START MATERIAL FOR THE TASK

Lemma n_gt0 : (0 < n)%N.
Proof.
rewrite lt0n; apply/eqP => n0; have nn : (n * n = 0)%N by rewrite n0.
by move: edges_large (num_edges_double_le) deg_sum_le; rewrite nn; lia.
Qed.

Lemma max_cut_large : N * N / 2 - 12 * beta * (N * N) < (cut f)%:R.
Proof.
have sq := sqr_le_deg_sum edges_large; have cs := deg_sum_sq_le.
have sum_sq : (2 * \sum_u deg u * deg u <= n * cut f + 12 * num_triangles e)%N.
  have avg : (\sum_v cut (nbhd_cut v) <= n * cut f)%N.
    by rewrite -sum_const_ord; apply: leq_sum => v _; exact: f_max.
  by have := sum_cut_nbhd; have := ordered_triangles_le; lia.
move: sq cs sum_sq; rewrite -!(ler_nat R) !natrD !natrM => sq cs sum_sq.
have N_gt0 : 0 < N by rewrite ltr0n n_gt0.
have s1 := ler_pM (mulr_ge0 (ler0n R n) (ler0n R n)) (mulr_ge0 (ler0n R n) (ler0n R n)) sq sq.
have s2 := ler_wpM2l (ler0n R n) sum_sq.
have s3 : N * (num_triangles e)%:R < N * (beta * N ^+ 3) by rewrite ltr_pM2l.
have : 0 < (N * N) * ((cut f)%:R - (N * N / 2 - 12 * beta * (N * N))).
  by move: s1 s2 s3 cs; rewrite exprS expr2; lra.
by rewrite pmulr_rgt0 ?subr_gt0 ?mulr_gt0.
Qed.

Lemma cross_nonadj_sum_small : (\sum_u cross_nonadj f u)%N%:R < 12 * beta * (N * N).
Proof.
have := cut_add_cross_nonadj_le f; rewrite -(ler_nat R) !natrM natrD.
by have := max_cut_large; lra.
Qed.

Lemma side_size_large eta b : 0 <= eta -> 6 * beta <= eta ^+ 2 ->
  (2^-1 - eta) * N <= (side_size f b)%:R.
Proof.
move=> eta_ge0 beta_le; rewrite leNgt; apply/negP => small.
have N_gt0 : 0 < N by rewrite ltr0n n_gt0.
have sizes : (side_size f b)%:R + (side_size f (~~ b))%:R = N.
  by rewrite -natrD side_size_add.
have cut_le := cut_le_side_sizes f b; move: cut_le; rewrite -(ler_nat R) !natrM => cut_le.
have cut_ge := max_cut_large.
move: sizes small cut_le cut_ge.
move: (side_size f b)%:R (side_size f (~~ b))%:R (cut f)%:R => k k' C sizes small cut_le cut_ge.
have gap_ge0 : 0 <= 2 * eta * N by rewrite !mulr_ge0 // ltW.
have gap : 2 * eta * N < k' - k by lra.
have := ler_pM gap_ge0 gap_ge0 (ltW gap) (ltW gap).
have := ler_wpM2r (mulr_ge0 (ltW N_gt0) (ltW N_gt0)) beta_le.
have -> : (k' - k) * (k' - k) = N * N - 4 * (k * k') by rewrite -sizes; ring.
lra.
Qed.

Lemma heavy_card_sq_le th : 0 <= th ->
  th ^+ 2 * #|heavy N th|%:R ^+ 2 <= 12 * beta * (\sum_u cross_nonadj f u)%N%:R.
Proof.
move=> th_ge0; have N_gt0 : 0 < N by rewrite ltr0n n_gt0.
have Y_ge : #|heavy N th|%:R * (th * N) <= (\sum_(u in heavy N th) cross_nonadj f u)%N%:R.
  rewrite -sum1_card !natr_sum big_distrl /=.
  by apply: ler_sum => u; rewrite mul1r.
have Y_le : ((\sum_(u in heavy N th) cross_nonadj f u) <= \sum_u cross_nonadj f u)%N.
  by rewrite [X in (_ <= X)%N](bigID (mem (heavy N th))) /= leq_addr.
move: Y_le; rewrite -(ler_nat R) => Y_le.
have M_small := cross_nonadj_sum_small.
move: Y_ge Y_le M_small (ler0n R #|heavy N th|).
move: #|_|%:R (\sum_(_ in _) _)%N%:R (\sum_u _)%N%:R => s Y M Y_ge Y_le M_small s_ge0.
have sthN_ge0 : 0 <= s * (th * N) by rewrite !mulr_ge0 // ltW.
have Y_ge0 := le_trans sthN_ge0 Y_ge.
have := ler_pM sthN_ge0 sthN_ge0 Y_ge Y_ge; have := ler_pM Y_ge0 Y_ge0 Y_le Y_le.
have := ler_wpM2l (le_trans Y_ge0 Y_le) (ltW M_small) => MM YY sY.
have : 0 <= (N * N) * (12 * beta * M - th ^+ 2 * s ^+ 2) by rewrite !expr2; lra.
by rewrite pmulr_rge0 ?subr_ge0 ?mulr_gt0.
Qed.

Lemma max_cut_contra d : 0 < d -> d <= 2^-1 -> 768 * beta <= d ^+ 3 ->
  (max_book e)%:R < (4^-1 - d / 2) * N -> False.
Proof.
move=> d_gt0 d_le beta_le book_small.
have th_ge0 : 0 <= d / 4 by rewrite divr_ge0 // ltW.
have beta_th : 6 * beta <= (d / 4) ^+ 2.
  by have := ler_wpM2l (sqr_ge0 d) d_le; have := sqr_ge0 d; lra.
have opp u : (2^-1 - d / 4) * N <= (opposite_size f u)%:R.
  by rewrite opposite_sizeE; apply: side_size_large.
have c_ge0 : 0 <= 4^-1 - d / 2 by lra.
have c_th : 4^-1 - d / 2 + 2 * (d / 4) <= 2^-1 - d / 4 by lra.
have lower := heavy_card_sq_ge opp book_small (ler0n R n) c_ge0 th_ge0 c_th edges_large.
have upper := heavy_card_sq_le th_ge0.
move: lower upper (ler0n R (\sum_u cross_nonadj f u)).
move: #|_|%:R (\sum_u _)%N%:R => s M lower upper M_ge0.
have := ler_wpM2l (sqr_ge0 (d / 4)) lower; have := ler_wpM2r M_ge0 beta_le.
have := mulr_ge0 (ltW d_gt0) (mulr_ge0 (sqr_ge0 (d / 4)) (sqr_ge0 s)).
have := mulr_ge0 (exprn_ge0 3 (ltW d_gt0)) M_ge0; have := mulr_gt0 d_gt0 d_gt0.
lra.
Qed.

End FewTriangles.
End MaxCut.

End Graph.

Local Open Scope ring_scope.

Theorem theorem2 (R : realType) (alpha : R) :
  3^-1 < alpha -> alpha < 2^-1 ->
  exists beta : R, 0 < beta /\
    exists N : nat, forall n : nat, (N <= n)%N ->
      forall e : rel 'I_n, simple_graph e ->
        (((n * n) %/ 4).+1 <= num_edges e)%N ->
        (max_book e)%:R < alpha * n%:R / 2 ->
        beta * (n%:R ^+ 3) <= (num_triangles e)%:R.
Proof.
move=> alpha_gt alpha_lt; pose d := 2^-1 - alpha.
have d_gt0 : 0 < d by rewrite subr_gt0.
(* 768 = 12 * 4^3: the last step of [max_cut_contra] needs 12 beta <= (d/4)^3. *)
exists (d ^+ 3 / 768); split; first by rewrite divr_gt0 ?exprn_gt0.
exists 0%N => n _ e [e_sym e_irr] edges book; rewrite leNgt; apply/negP => few.
pose f := [arg max_(g > [ffun=> false]) cut e g]%N.
have f_max g : (cut e g <= cut e f)%N by rewrite /f; case: arg_maxnP => // h _; exact.
apply: (max_cut_contra e_sym e_irr f_max edges few d_gt0); rewrite /d.
- by move: alpha_gt; lra.
- by lra.
- by move: book; lra.
Qed.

END MATERIAL FOR THE TASK

EXERCISE. Every entry is to be retyped word for word.

SOLUTION.
Lemma n_gt0 : (0 < n)%N.
Proof.
rewrite lt0n; apply/eqP => n0; have nn : (n * n = 0)%N by rewrite n0.
by move: edges_large (num_edges_double_le) deg_sum_le; rewrite nn; lia.
Qed.

Lemma max_cut_large : N * N / 2 - 12 * beta * (N * N) < (cut f)%:R.
Proof.
have sq := sqr_le_deg_sum edges_large; have cs := deg_sum_sq_le.
have sum_sq : (2 * \sum_u deg u * deg u <= n * cut f + 12 * num_triangles e)%N.
  have avg : (\sum_v cut (nbhd_cut v) <= n * cut f)%N.
    by rewrite -sum_const_ord; apply: leq_sum => v _; exact: f_max.
  by have := sum_cut_nbhd; have := ordered_triangles_le; lia.
move: sq cs sum_sq; rewrite -!(ler_nat R) !natrD !natrM => sq cs sum_sq.
have N_gt0 : 0 < N by rewrite ltr0n n_gt0.
have s1 := ler_pM (mulr_ge0 (ler0n R n) (ler0n R n)) (mulr_ge0 (ler0n R n) (ler0n R n)) sq sq.
have s2 := ler_wpM2l (ler0n R n) sum_sq.
have s3 : N * (num_triangles e)%:R < N * (beta * N ^+ 3) by rewrite ltr_pM2l.
have : 0 < (N * N) * ((cut f)%:R - (N * N / 2 - 12 * beta * (N * N))).
  by move: s1 s2 s3 cs; rewrite exprS expr2; lra.
by rewrite pmulr_rgt0 ?subr_gt0 ?mulr_gt0.
Qed.

Lemma cross_nonadj_sum_small : (\sum_u cross_nonadj f u)%N%:R < 12 * beta * (N * N).
Proof.
have := cut_add_cross_nonadj_le f; rewrite -(ler_nat R) !natrM natrD.
by have := max_cut_large; lra.
Qed.

Lemma side_size_large eta b : 0 <= eta -> 6 * beta <= eta ^+ 2 ->
  (2^-1 - eta) * N <= (side_size f b)%:R.
Proof.
move=> eta_ge0 beta_le; rewrite leNgt; apply/negP => small.
have N_gt0 : 0 < N by rewrite ltr0n n_gt0.
have sizes : (side_size f b)%:R + (side_size f (~~ b))%:R = N.
  by rewrite -natrD side_size_add.
have cut_le := cut_le_side_sizes f b; move: cut_le; rewrite -(ler_nat R) !natrM => cut_le.
have cut_ge := max_cut_large.
move: sizes small cut_le cut_ge.
move: (side_size f b)%:R (side_size f (~~ b))%:R (cut f)%:R => k k' C sizes small cut_le cut_ge.
have gap_ge0 : 0 <= 2 * eta * N by rewrite !mulr_ge0 // ltW.
have gap : 2 * eta * N < k' - k by lra.
have := ler_pM gap_ge0 gap_ge0 (ltW gap) (ltW gap).
have := ler_wpM2r (mulr_ge0 (ltW N_gt0) (ltW N_gt0)) beta_le.
have -> : (k' - k) * (k' - k) = N * N - 4 * (k * k') by rewrite -sizes; ring.
lra.
Qed.

Lemma heavy_card_sq_le th : 0 <= th ->
  th ^+ 2 * #|heavy N th|%:R ^+ 2 <= 12 * beta * (\sum_u cross_nonadj f u)%N%:R.
Proof.
move=> th_ge0; have N_gt0 : 0 < N by rewrite ltr0n n_gt0.
have Y_ge : #|heavy N th|%:R * (th * N) <= (\sum_(u in heavy N th) cross_nonadj f u)%N%:R.
  rewrite -sum1_card !natr_sum big_distrl /=.
  by apply: ler_sum => u; rewrite mul1r.
have Y_le : ((\sum_(u in heavy N th) cross_nonadj f u) <= \sum_u cross_nonadj f u)%N.
  by rewrite [X in (_ <= X)%N](bigID (mem (heavy N th))) /= leq_addr.
move: Y_le; rewrite -(ler_nat R) => Y_le.
have M_small := cross_nonadj_sum_small.
move: Y_ge Y_le M_small (ler0n R #|heavy N th|).
move: #|_|%:R (\sum_(_ in _) _)%N%:R (\sum_u _)%N%:R => s Y M Y_ge Y_le M_small s_ge0.
have sthN_ge0 : 0 <= s * (th * N) by rewrite !mulr_ge0 // ltW.
have Y_ge0 := le_trans sthN_ge0 Y_ge.
have := ler_pM sthN_ge0 sthN_ge0 Y_ge Y_ge; have := ler_pM Y_ge0 Y_ge0 Y_le Y_le.
have := ler_wpM2l (le_trans Y_ge0 Y_le) (ltW M_small) => MM YY sY.
have : 0 <= (N * N) * (12 * beta * M - th ^+ 2 * s ^+ 2) by rewrite !expr2; lra.
by rewrite pmulr_rge0 ?subr_ge0 ?mulr_gt0.
Qed.

Lemma max_cut_contra d : 0 < d -> d <= 2^-1 -> 768 * beta <= d ^+ 3 ->
  (max_book e)%:R < (4^-1 - d / 2) * N -> False.
Proof.
move=> d_gt0 d_le beta_le book_small.
have th_ge0 : 0 <= d / 4 by rewrite divr_ge0 // ltW.
have beta_th : 6 * beta <= (d / 4) ^+ 2.
  by have := ler_wpM2l (sqr_ge0 d) d_le; have := sqr_ge0 d; lra.
have opp u : (2^-1 - d / 4) * N <= (opposite_size f u)%:R.
  by rewrite opposite_sizeE; apply: side_size_large.
have c_ge0 : 0 <= 4^-1 - d / 2 by lra.
have c_th : 4^-1 - d / 2 + 2 * (d / 4) <= 2^-1 - d / 4 by lra.
have lower := heavy_card_sq_ge opp book_small (ler0n R n) c_ge0 th_ge0 c_th edges_large.
have upper := heavy_card_sq_le th_ge0.
move: lower upper (ler0n R (\sum_u cross_nonadj f u)).
move: #|_|%:R (\sum_u _)%N%:R => s M lower upper M_ge0.
have := ler_wpM2l (sqr_ge0 (d / 4)) lower; have := ler_wpM2r M_ge0 beta_le.
have := mulr_ge0 (ltW d_gt0) (mulr_ge0 (sqr_ge0 (d / 4)) (sqr_ge0 s)).
have := mulr_ge0 (exprn_ge0 3 (ltW d_gt0)) M_ge0; have := mulr_gt0 d_gt0 d_gt0.
lra.
Qed.

End FewTriangles.
End MaxCut.

End Graph.

Local Open Scope ring_scope.

Theorem theorem2 (R : realType) (alpha : R) :
  3^-1 < alpha -> alpha < 2^-1 ->
  exists beta : R, 0 < beta /\
    exists N : nat, forall n : nat, (N <= n)%N ->
      forall e : rel 'I_n, simple_graph e ->
        (((n * n) %/ 4).+1 <= num_edges e)%N ->
        (max_book e)%:R < alpha * n%:R / 2 ->
        beta * (n%:R ^+ 3) <= (num_triangles e)%:R.
Proof.
move=> alpha_gt alpha_lt; pose d := 2^-1 - alpha.
have d_gt0 : 0 < d by rewrite subr_gt0.
(* 768 = 12 * 4^3: the last step of [max_cut_contra] needs 12 beta <= (d/4)^3. *)
exists (d ^+ 3 / 768); split; first by rewrite divr_gt0 ?exprn_gt0.
exists 0%N => n _ e [e_sym e_irr] edges book; rewrite leNgt; apply/negP => few.
pose f := [arg max_(g > [ffun=> false]) cut e g]%N.
have f_max g : (cut e g <= cut e f)%N by rewrite /f; case: arg_maxnP => // h _; exact.
apply: (max_cut_contra e_sym e_irr f_max edges few d_gt0); rewrite /d.
- by move: alpha_gt; lra.
- by lra.
- by move: book; lra.
Qed.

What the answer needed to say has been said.